Loving my body after birth
Pregnancy brought so many changes to my body and I felt myself embracing it all.
After years of hating my belly, endlessly struggling with bloating, wishing that my pregnant-looking belly would either be pregnant or go the fuck away, pregnancy was a welcome change.
I embraced my growing belly. For the first time in my life I admired the arch from my ribs to my pelvis, knowing that underneath the surface it was nurturing my baby.
This baby I longed for.
This baby I waited and worked for.
This baby I didn’t know would ever come.
This baby was here now inside me.
Safe to say, I loved being pregnant!
I felt at ease with my body and walked with pride and joy.
I looked forward to meeting my angel in human form, entertaining fantasies of things like his laugh and learning to crawl.
I took care of my body, nourishing myself with hearty whole foods and gentle prenatal yoga.
Finally, my prayer had been answered.
Nothing could have prepared me for labour. No amount of research, birth stories, hypnobirthing, videos, podcasts or books could have prepared me for what was to come.
I couldn’t have imagined the pain and intensity of those hours. I couldn’t have fathomed how hard my body would work and how exhausted and relieved I’d be when he arrived. Holy fucking wow.
I didn’t know a part of me would die and be reborn as I birthed him. Each push taking every ounce of my strength. As my vagina was stretched to its limits, so was I, stretching all the way to my core as if to accomodate the new mother I was birthing within myself.
Those six weeks postpartum felt like a huge adjustment to this new me. As my hormones regulated to make me a breastfeeding mother, I found myself in the midst of unrelenting anxiety.

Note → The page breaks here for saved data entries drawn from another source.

(* Let \(D\) be a tangle diagram and \(i \mapsto g_i,\ j \mapsto u_j\) be a decorated shadow \(\mathrm{SL}(2,\mathbb{C})\)-coloring of \(D\) (corresponding to the representation \(\rho\) with \(\rho(w_i)=g_i\)), with \(u_0\) the shadow of the topmost region. Let \(\chi\) be the associated octahedral coloring. Then its holonomy agrees with \(\rho\) in the sense that \[ \mathrm{hol}_{\chi, u_0}(w_i) = \rho(w_i) \] for each Wirtinger generator \(w_i\).
   Context: Setting. \(D\) is a diagram of an oriented tangle \(T\); \(\pi(D)\) is the Wirtinger presentation of the fundamental group of the complement, with one generator \(w_i\) per arc (each segment \(i\) has generator \(w_i\)) and relations \(w_{2'} = w_1^{-1} w_2 w_1\) at positive crossings and \(w_{1'} = w_2 w_1 w_2^{-1}\) at negative crossings. For a segment \(i\), \(\uparrow i\) denotes the region above it and \(\downarrow i\) the region below it (w.r.t. the orientation of the segment). Decorated shadow coloring: each segment \(i\) gets \(g_i \in \mathrm{SL}(2,\mathbb{C})\) satisfying the Wirtinger relations and a line \(L_i \subset \mathbb{C}^2\) of row vectors with \(L_i g_i = L_i\), with \(L_{2'} = L_2 g_1\) (positive crossing) and \(L_{1'} = L_1 g_2\) (negative crossing); each region \(j\) gets a nonzero column vector \(u_j\), with \(u_{j'} = g_i u_j\) when \(j'\) is below \(j\) across \(i\). Associated octahedral coloring: choose nonzero \(v_i \in L_i\) and let \(m_i\) satisfy \(v_i g_i = m_i^{-1} v_i\). Assuming admissibility (\(\det(u_j, e_2) \ne 0\) for all regions \(j\), and \(v_i e_2 \ne 0\), \(v_i u_{\uparrow i} \ne 0\) for all segments \(i\), where \(e_1,e_2\) are the standard column basis vectors), set \(\chi_i = (a_i,b_i,m_i) = \left( \frac{\det(u_{\downarrow i}, e_2)}{\det(u_{\uparrow i}, e_2)},\ -\frac{v_i e_2}{v_i u_{\uparrow i}},\ m_i\right)\). Holonomy. For an octahedral color \(\chi=(a,b,m)\) let \(\chi^{\uparrow} = \begin{bmatrix} a & 0 \\ (a-1/m)/b & 1\end{bmatrix}\), \(\chi^{\downarrow} = \begin{bmatrix} 1 & (a-m)b \\ 0 & a\end{bmatrix}\), and for a column vector \(u = (u^1,u^2)^{\mathrm T}\) let \(u^{\uparrow} = \begin{bmatrix} u^1 & 0 \\ u^2 & 1\end{bmatrix}\). The fundamental groupoid \(\Pi(D)\) has one object per region and generators \(x_i^{+}\), \(x_i^{-}\) for each segment \(i\) (paths from \(\uparrow i\) to \(\downarrow i\) passing over, respectively under, the segment). The holonomy functor \(\mathrm{Hol}_\chi : \Pi(D) \to \mathrm{GL}(2,\mathbb{C})\) sends \(x_i^+ \mapsto \chi_i^{\uparrow}\) and \(x_i^- \mapsto \chi_i^{\downarrow}\). For a region \(j\), \(s_j^+\) is the over path from the topmost region \(0\) to \(j\) (passing over every strand). The functor \(\mathcal{F}: \pi(D) \to \Pi(D)\) is \(\mathcal{F}(w_i) = s^+_{\uparrow i}\, x_i^+ (x_i^-)^{-1}\, (s^+_{\uparrow i})^{-1}\). Finally \(\mathrm{hol}_{\chi,u_0}(w_i) = u_0^{\uparrow}\, \mathrm{Hol}_\chi(\mathcal{F}(w_i))\, (u_0^{\uparrow})^{-1}\). *)

From mathcomp Require Import all_boot all_algebra.
From mathcomp Require Import complex reals.
Set Implicit Arguments. Unset Strict Implicit. Unset Printing Implicit Defensive.
Import GRing.Theory.
Local Open Scope ring_scope.

(* Combinatorial data of an oriented tangle diagram D.
   - seg    : the segments of D (pieces of strand between crossings),
   - reg    : the regions of D (complementary regions of the diagram),
   - cross  : the crossings of D,
   - above i / below i : the regions  (up-arrow i) and (down-arrow i)
     on either side of segment i (w.r.t. the orientation of i),
   - top    : the topmost region 0,
   - at a crossing c the over-strand enters along over_in c and leaves
     along over_out c; the under-strand enters along under_in c and
     leaves along under_out c; csign c = true iff c is positive. *)
Record diagram := Diagram {
  seg : finType;
  reg : finType;
  cross : finType;
  above : seg -> reg;
  below : seg -> reg;
  top : reg;
  over_in : cross -> seg;
  over_out : cross -> seg;
  under_in : cross -> seg;
  under_out : cross -> seg;
  csign : cross -> bool
}.

Section Defs.
Variable C : fieldType.

Definition mx2 (a b c d : C) : 'M[C]_2 :=
  \matrix_(i < 2, j < 2)
    if (i : nat) == 0%N then (if (j : nat) == 0%N then a else b)
    else (if (j : nat) == 0%N then c else d).

Definition e2 : 'cV[C]_2 := delta_mx 1 0.

Definition det_e2 (u : 'cV[C]_2) : C := \det (row_mx u e2 : 'M[C]_2).

Definition chi_up (a b m : C) : 'M[C]_2 := mx2 a 0 ((a - m^-1) / b) 1.
Definition chi_down (a b m : C) : 'M[C]_2 := mx2 1 ((a - m) * b) 0 a.

Definition u_up (u : 'cV[C]_2) : 'M[C]_2 := mx2 (u 0 0) 0 (u 1 0) 1.
End Defs.

Section Paths.
Variable D : diagram.

(* An over path in Pi(D) is a word in the generators x_i^+ and their
   inverses: (i, true) stands for x_i^+ (from above i to below i, passing
   over i) and (i, false) for (x_i^+)^-1 (from below i to above i). *)
Fixpoint is_over_path (r : reg D) (p : seq (seg D * bool)) (t : reg D) : bool :=
  match p with
  | [::] => r == t
  | (i, true) :: p' => (above i == r) && is_over_path (below i) p' t
  | (i, false) :: p' => (below i == r) && is_over_path (above i) p' t
  end.

Variable C : fieldType.
(* Holonomy of an over path, given the images X i = Hol(x_i^+); the holonomy
   functor is covariant: Hol(p q) = Hol(p) Hol(q). *)
Fixpoint hol_path (X : seg D -> 'M[C]_2) (p : seq (seg D * bool)) : 'M[C]_2 :=
  match p with
  | [::] => 1%:M
  | (i, true) :: p' => X i *m hol_path X p'
  | (i, false) :: p' => invmx (X i) *m hol_path X p'
  end.
End Paths.

Section Octahedral.
Variable D : diagram.
Variable C : fieldType.
Variables (u : reg D -> 'cV[C]_2) (v : seg D -> 'rV[C]_2) (m : seg D -> C).

Definition oct_a (i : seg D) : C := det_e2 (u (below i)) / det_e2 (u (above i)).
Definition oct_b (i : seg D) : C :=
  - ((v i *m e2 C) 0 0 / (v i *m u (above i)) 0 0).
Definition chi_up_of (i : seg D) : 'M[C]_2 := chi_up (oct_a i) (oct_b i) (m i).
Definition chi_down_of (i : seg D) : 'M[C]_2 := chi_down (oct_a i) (oct_b i) (m i).

(* hol_{chi,u_0}(w_i) = u_0^up Hol_chi(F(w_i)) (u_0^up)^-1, where
   F(w_i) = s x_i^+ (x_i^-)^-1 s^-1 and s is the over path from the topmost
   region to (above i) given as the word p. *)
Definition hol_w (p : seq (seg D * bool)) (i : seg D) : 'M[C]_2 :=
  let H := hol_path chi_up_of p in
  u_up (u (top D)) *m H *m chi_up_of i *m invmx (chi_down_of i) *m invmx H
    *m invmx (u_up (u (top D))).
End Octahedral.

(* Write U_j for u_j^up.  Each segment i carries the two identities
   U_(up i) chi_i^up = U_(down i) and g_i U_(up i) chi_i^down = U_(down i),
   a 2x2 computation using that v_i is a left eigenvector of g_i for m_i^-1,
   hence (det g_i = 1) of g_i^-1 for m_i.  The first identity telescopes along
   the over path s, giving U_0 Hol(s) = U_(up i); conjugating, hol(w_i) becomes
   U_(up i) chi_i^up (chi_i^down)^-1 U_(up i)^-1 = g_i by the second one. *)
From mathcomp Require Import all_boot all_algebra.
From mathcomp Require Import complex reals.
From mathcomp Require Import ring.
Set Implicit Arguments. Unset Strict Implicit. Unset Printing Implicit Defensive.
Import GRing.Theory.
Local Open Scope ring_scope.

Section Mx2.
Variable C : fieldType.
Implicit Types (a b c d : C).

Lemma ord2P (i : 'I_2) : i = 0 \/ i = 1.
Proof. by case: i => [[|[|k]] lt_k2]; [left | right | by []]; apply/val_inj. Qed.

Lemma mulmx2E n p (A : 'M[C]_(n, 2)) (B : 'M[C]_(2, p)) i j :
  (A *m B) i j = A i 0 * B 0 j + A i 1 * B 1 j.
Proof.
rewrite mxE !big_ord_recl big_ord0 addr0.
by congr (A i _ * B _ j + A i _ * B _ j); apply/val_inj.
Qed.

Lemma mx2_00 a b c d : mx2 a b c d 0 0 = a. Proof. by rewrite mxE. Qed.
Lemma mx2_01 a b c d : mx2 a b c d 0 1 = b. Proof. by rewrite mxE. Qed.
Lemma mx2_10 a b c d : mx2 a b c d 1 0 = c. Proof. by rewrite mxE. Qed.
Lemma mx2_11 a b c d : mx2 a b c d 1 1 = d. Proof. by rewrite mxE. Qed.
Definition mx2E := (mx2_00, mx2_01, mx2_10, mx2_11).

Lemma mx2_eta (A : 'M[C]_2) : A = mx2 (A 0 0) (A 0 1) (A 1 0) (A 1 1).
Proof.
by apply/matrixP => i j; rewrite mxE; case: (ord2P i) => ->; case: (ord2P j) => ->.
Qed.

Lemma mx2_mul a b c d a' b' c' d' :
  mx2 a b c d *m mx2 a' b' c' d' =
  mx2 (a * a' + b * c') (a * b' + b * d') (c * a' + d * c') (c * b' + d * d').
Proof.
apply/matrixP => i j; rewrite mulmx2E.
by case: (ord2P i) => ->; case: (ord2P j) => ->; rewrite !mx2E.
Qed.

Lemma det_mx2 a b c d : \det (mx2 a b c d) = a * d - b * c.
Proof.
rewrite (expand_det_row _ 0) !big_ord_recl big_ord0 /cofactor !det_mx11 !mxE /=.
by rewrite expr0 expr1 mul1r mulN1r addr0 mulrN.
Qed.

Lemma mulmx_e2 n (A : 'M[C]_(n, 2)) i : (A *m e2 C) i 0 = A i 1.
Proof. by rewrite mulmx2E !mxE /= mulr0 mulr1 add0r. Qed.

Lemma row_mx_e2 (x : 'cV[C]_2) : row_mx x (e2 C) = u_up x.
Proof.
apply/matrixP => i j; rewrite !mxE; case: splitP => k; rewrite ord1 => ->.
  by case: (ord2P i) => ->.
by rewrite mxE; case: (ord2P i) => ->.
Qed.

Lemma det_u_up (x : 'cV[C]_2) : \det (u_up x) = x 0 0.
Proof. by rewrite det_mx2 mulr1 mul0r subr0. Qed.

Lemma det_e2E (x : 'cV[C]_2) : det_e2 x = x 0 0.
Proof. by rewrite /det_e2 row_mx_e2 det_u_up. Qed.

Lemma u_up_unitmx (x : 'cV[C]_2) : (u_up x \in unitmx) = (x 0 0 != 0).
Proof. by rewrite unitmxE det_u_up unitfE. Qed.
End Mx2.

Section EigenScalars.
Variable C : fieldType.
Variables g00 g01 g10 g11 x0 x1 v0 v1 m : C.
Hypothesis det_g : g00 * g11 - g01 * g10 = 1.
Hypothesis eig0 : v0 * g00 + v1 * g10 = m^-1 * v0.
Hypothesis eig1 : v0 * g01 + v1 * g11 = m^-1 * v1.
Hypothesis v1_neq0 : v1 != 0.

(* v g adj(g) = (det g) v = v, read on the second coordinate. *)
Lemma eigen_adj_entry1 : m^-1 * (v1 * g00 - v0 * g01) = v1.
Proof.
rewrite -[RHS]mulr1 -det_g.
transitivity (g00 * (v0 * g01 + v1 * g11) - g01 * (v0 * g00 + v1 * g10)); last by ring.
by rewrite eig0 eig1; ring.
Qed.

(* As 0^-1 = 0, m = 0 would mean v g = 0, which det g = 1 forbids. *)
Lemma eigenvalue_neq0 : m != 0.
Proof.
by apply: contra_neq v1_neq0 => m0; rewrite -eigen_adj_entry1 m0 invr0 mul0r.
Qed.

Lemma eigen_entries :
  [/\ g00 = m + v0 * g01 / v1, g10 = (m^-1 * v0 - v0 * g00) / v1
    & g11 = (m^-1 * v1 - v0 * g01) / v1].
Proof.
have m_neq0 := eigenvalue_neq0.
split; [| by rewrite -eig0; field | by rewrite -eig1; field].
have adj_eig : v1 * g00 - v0 * g01 = m * v1.
  by apply: (mulfI (invr_neq0 m_neq0)); rewrite eigen_adj_entry1 mulrA mulVf ?mul1r.
have -> : g00 = (v1 * g00 - v0 * g01 + v0 * g01) / v1 by field.
by rewrite adj_eig; field.
Qed.

Hypotheses (x0_neq0 : x0 != 0) (vx_neq0 : v0 * x0 + v1 * x1 != 0).
Let y0 := g00 * x0 + g01 * x1.
Let y1 := g10 * x0 + g11 * x1.
Let a := y0 / x0.
Let b := - (v1 / (v0 * x0 + v1 * x1)).

Lemma chi_up_entry : y1 = x1 * a + (a - m^-1) / b.
Proof.
have m_neq0 := eigenvalue_neq0; have [e00 e10 e11] := eigen_entries.
rewrite /y1 /a /b /y0 e10 e11 e00.
by field; rewrite oppr_eq0 vx_neq0 v1_neq0 m_neq0 x0_neq0.
Qed.

Lemma chi_down_entry0 : y0 * ((a - m) * b) + g01 * a = 0.
Proof.
have [e00 _ _] := eigen_entries.
rewrite /a /b /y0 e00.
by field; rewrite vx_neq0 v1_neq0 x0_neq0.
Qed.

Lemma chi_down_entry1 : y1 * ((a - m) * b) + g11 * a = 1.
Proof.
have m_neq0 := eigenvalue_neq0; have [e00 e10 e11] := eigen_entries.
rewrite /y1 /a /b /y0 e10 e11 e00.
by field; rewrite vx_neq0 v1_neq0 m_neq0 x0_neq0.
Qed.
End EigenScalars.

Section SegmentColoring.
Variable C : fieldType.
Variables (g : 'M[C]_2) (x : 'cV[C]_2) (v : 'rV[C]_2) (m : C).
Hypotheses (det_g : \det g = 1) (eig : v *m g = m^-1 *: v).
Hypotheses (x0_neq0 : x 0 0 != 0) (ve2_neq0 : (v *m e2 C) 0 0 != 0).
Hypothesis vx_neq0 : (v *m x) 0 0 != 0.
Let a := det_e2 (g *m x) / det_e2 x.
Let b := - ((v *m e2 C) 0 0 / (v *m x) 0 0).

Let det_g_entries : g 0 0 * g 1 1 - g 0 1 * g 1 0 = 1.
Proof. by rewrite -det_g [in RHS](mx2_eta g) det_mx2. Qed.

Let eig_entry j : v 0 0 * g 0 j + v 0 1 * g 1 j = m^-1 * v 0 j.
Proof. by rewrite -mulmx2E eig mxE. Qed.

Let v1_neq0 : v 0 1 != 0.
Proof. by rewrite -mulmx_e2. Qed.

Let vx_entries_neq0 : v 0 0 * x 0 0 + v 0 1 * x 1 0 != 0.
Proof. by rewrite -mulmx2E. Qed.

Lemma u_up_chi_up : u_up x *m chi_up a b m = u_up (g *m x).
Proof.
rewrite /a /b !det_e2E mulmx_e2 /u_up /chi_up !mulmx2E mx2_mul.
congr mx2; rewrite ?mulr0 ?mul0r ?mulr1 ?mul1r ?addr0 ?add0r //.
  by rewrite mulrC divfK.
symmetry; exact: (chi_up_entry det_g_entries (eig_entry 0) (eig_entry 1)).
Qed.

Lemma u_up_chi_down : g *m u_up x *m chi_down a b m = u_up (g *m x).
Proof.
rewrite /a /b !det_e2E mulmx_e2 /u_up /chi_down !mulmx2E {1}(mx2_eta g) !mx2_mul.
congr mx2; rewrite ?mulr0 ?mul0r ?mulr1 ?mul1r ?addr0 ?add0r //.
  exact: (chi_down_entry0 det_g_entries (eig_entry 0) (eig_entry 1)).
exact: (chi_down_entry1 det_g_entries (eig_entry 0) (eig_entry 1)).
Qed.
End SegmentColoring.

Section OverPaths.
Variables (D : diagram) (C : fieldType).
Variables (U : reg D -> 'M[C]_2) (X : seg D -> 'M[C]_2).
Hypothesis X_unit : forall k, X k \in unitmx.
Hypothesis U_X : forall k, U (above k) *m X k = U (below k).

Lemma hol_over_path r p t : is_over_path r p t -> U r *m hol_path X p = U t.
Proof.
elim: p r => [|[k []] p IHp] r /=; first by move=> /eqP ->; rewrite mulmx1.
  by case/andP => /eqP <- /IHp; rewrite mulmxA U_X.
by case/andP => /eqP <- /IHp; rewrite mulmxA -U_X mulmxK.
Qed.
End OverPaths.

Theorem theoremA (R : realType) (D : diagram)
  (g : seg D -> 'M[R[i]]_2) (L : seg D -> 'rV[R[i]]_2)
  (u : reg D -> 'cV[R[i]]_2)
  (v : seg D -> 'rV[R[i]]_2) (m : seg D -> R[i]) :
  (* decorated shadow SL(2,C)-coloring: segments *)
  (forall i, \det (g i) = 1) ->
  (forall i, L i != 0) ->
  (forall i, (L i *m g i == L i)%MS) ->
  (* Wirtinger relations at crossings, and the lines L *)
  (forall c : cross D,
     [/\ g (over_out c) = g (over_in c),
         (L (over_out c) == L (over_in c))%MS,
         g (under_out c) =
           (if csign c then invmx (g (over_in c)) *m g (under_in c) *m g (over_in c)
            else g (over_in c) *m g (under_in c) *m invmx (g (over_in c)))
       & (L (under_out c) == L (under_in c) *m g (over_in c))%MS]) ->
  (* regions *)
  (forall j, u j != 0) ->
  (forall i, u (below i) = g i *m u (above i)) ->
  (* choice of v_i in L_i and of m_i *)
  (forall i, v i != 0 /\ (v i <= L i)%MS) ->
  (forall i, v i *m g i = (m i)^-1 *: v i) ->
  (* admissibility *)
  (forall j, det_e2 (u j) != 0) ->
  (forall i, (v i *m e2 _) 0 0 != 0) ->
  (forall i, (v i *m u (above i)) 0 0 != 0) ->
  (* conclusion: hol_{chi,u_0}(w_i) = rho(w_i) = g_i, for any over path s^+ *)
  forall (i : seg D) (p : seq (seg D * bool)),
    is_over_path (top D) p (above i) ->
    hol_w u v m p i = g i.
Proof.
move=> det_g _ _ _ _ u_below _ eig det_u ve2 vu i p s_path.
have U_unit j : u_up (u j) \in unitmx by rewrite u_up_unitmx -det_e2E.
have seg_up k : u_up (u (above k)) *m chi_up_of u v m k = u_up (u (below k)).
  by rewrite /chi_up_of /oct_a u_below u_up_chi_up // -det_e2E.
have seg_down k : g k *m u_up (u (above k)) *m chi_down_of u v m k = u_up (u (below k)).
  by rewrite /chi_down_of /oct_a u_below u_up_chi_down // -det_e2E.
have chi_up_unit k : chi_up_of u v m k \in unitmx.
  by have := U_unit (below k); rewrite -seg_up unitmx_mul => /andP[].
have chi_down_unit k : chi_down_of u v m k \in unitmx.
  by have := U_unit (below k); rewrite -seg_down unitmx_mul => /andP[].
have s_hol : u_up (u (top D)) *m hol_path (chi_up_of u v m) p = u_up (u (above i)).
  exact: (hol_over_path (U := fun j => u_up (u j)) chi_up_unit seg_up).
have s_unit : hol_path (chi_up_of u v m) p \in unitmx.
  by have := U_unit (above i); rewrite -s_hol unitmx_mul => /andP[].
rewrite /hol_w s_hol seg_up -seg_down mulmxK // -s_hol mulmxA.
by rewrite mulmxK // mulmxK.
Qed.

Is he still breathing? Is he too hot? Is (insert person holding baby) going to drop him?
I was tired, teary, emotional and in ever growing love.
The next few weeks brought immense happiness and love. A new way of living. One that does not fall into schedules or allow space for deadlines and timelines. Those are the way of the patriarchy. This right here is all woman, all feminine and flow.
Here is where I get to create my version of grace in each moment. The ebbs and flows and everything in between are all moments that I have no choice but to be present with.
In full presence I am in tune with my body. In this presence the only option is to keep on moving forward. There is no time for fussing over small things. In not fussing, I find the flow of life and my body even more.
I digest life in the same way my body digests food. There is no room for holding on to worries, therefore there is no more bloating. My body merely reflects the state of my mind... getting stronger and more refined every day, with each moment that I choose to nourish.